About Me
I was born with my eyes closed into a golden manger, South of the central crevice of this very world. I listened attentively. I dreamt excessively. Some dreams fell into the abyss of the void, some had already happened in the vague vision of some cynical future road. I was born with my hands taut, into arms of relatives who awaited anxiously with frenzied concepts, into relatives who awaited curiously to base their morbid expectations on blind love.
Then I started traveling. I met a beautiful girl with long legs. We melted our minds and made love many times, especially on frugal afternoons. Then she left me for so many reasons I forget. I found and lost myself many times, blinded and enlightened, by the glaring neon lights. I did drugs in beautiful places.

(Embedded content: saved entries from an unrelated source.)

(* Let $N$ be the point-line configuration on $[7]$ with lines $\{3,4,6\},\{2,6,7\},\{1,5,6\},\{2,3,5\},\{1,4,7\}$. Then, in $\mathbb{C}^{21}$, \[ V_{\mathcal{C}(N)}=V_N\cup V_{U_{2,7}}\cup V_{N(6)}. \]
   Context: A point-line configuration on $[d]$ is a simple matroid of rank at most $3$ whose lines are the maximal subsets of size $\ge3$ and rank $2$ (a $3$-subset is dependent iff it lies in a line; every subset of size $\ge4$ is dependent). $U_{2,7}$ is the uniform matroid of rank $2$ on $[7]$ (a subset is dependent iff it has size $\ge3$). $N(6)$ is the matroid obtained from $N$ by making $6$ a loop: its circuits are $\mathcal{C}(N\setminus 6)\cup\{\{6\}\}$, where $N\setminus6$ is the restriction of $N$ to $[7]\setminus\{6\}$. For a matroid $K$ on $[d]$ of rank $\le3$: a realization is $\gamma\in(\mathbb{C}^3)^d$ such that for all $S\subseteq[d]$, $(\gamma_s)_{s\in S}$ is linearly dependent iff $S$ is dependent in $K$; $V_K$ is the Zariski closure in $\mathbb{C}^{3d}$ of the set of realizations; the circuit variety $V_{\mathcal{C}(K)}$ is the set of $\gamma\in(\mathbb{C}^3)^d$ such that $(\gamma_s)_{s\in S}$ is linearly dependent for every dependent set $S$ of $K$. *)

From HB Require Import structures.
From mathcomp Require Import all_boot all_order all_algebra.
From mathcomp Require Import reals complex.
From mathcomp Require mpoly.
Set Implicit Arguments. Unset Strict Implicit. Unset Printing Implicit Defensive.
Import GRing.Theory Num.Theory.
Local Open Scope ring_scope.

(* Ground set [7] = {1,...,7}; element i of [7] is the ordinal i-1 of 'I_7. *)
Definition el (i : nat) : 'I_7 := inord i.-1.

(* A matroid on [7] is given by its predicate of dependent sets. *)
Definition matroid7 := {set 'I_7} -> bool.

(* Point-line configuration with a given list of lines (rank <= 3, simple):
   subsets of size >= 4 are dependent, a 3-subset is dependent iff it lies
   in a line, subsets of size <= 2 are independent. *)
Definition plc_dep (lines : seq {set 'I_7}) : matroid7 := fun S =>
  (3 < #|S|)%N || ((#|S| == 3)%N && seq.has (fun L : {set 'I_7} => S \subset L) lines).

Definition N_lines : seq {set 'I_7} :=
  [:: [set el 3; el 4; el 6]; [set el 2; el 6; el 7]; [set el 1; el 5; el 6];
      [set el 2; el 3; el 5]; [set el 1; el 4; el 7]].

Definition N_dep : matroid7 := plc_dep N_lines.

Definition U27_dep : matroid7 := fun S => (2 < #|S|)%N.

Definition is_circuit (dep : matroid7) (C : {set 'I_7}) : bool :=
  dep C && [forall D : {set 'I_7}, (D \proper C) ==> ~~ dep D].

I got along with my loneliness in-between arguments with my conscience. I never got a real job, except for a brief season selling kitchen knives. I drunk too much as I tightened my relationship with God. Metaphysics and girls blinded my eyes from anything else. My hands then withered. I made my mother cry. But sometimes purity seduced me, more than darkness, more than glow I tried to return to Ithaca, but I couldnt find the road. Then I learned to walk slowly, to admire simple things in the meager vulnerability of my torn shoes. And someday, with the strigs hanging from the fingers of the shuffle, like a pupet, I will sit smiling at my beautiful defeat.
Brief Disclaimer
This is nothing but a blatant attempt to achieve a certain degree of truth, which does not mean I can achieve it. Like anyone else, doubt climbs up my body and holds me by the neck. I not know if I can write. At times I even feel I should ask for your permission before I begin to write or before I ornament myself with the credentials of a thinker, but I do not write for you. Dear reader, you are my relevance but not my mission. With the sincerity of a child, the fear of an adult and the vulnerability of a human, I confess that I yearn for you to enjoy it. If I have been pretentious, I do hope you can forgive the imperfection and see my purpose: truth and beauty. Dear reader, I am a tormented man, and this, at times oozes on my pages and creates many contradictions. But what is a man without contradictions? And what is truth without torment? Forgive me if I tangle the pieces and try to find humor in these meager daguerreotypes.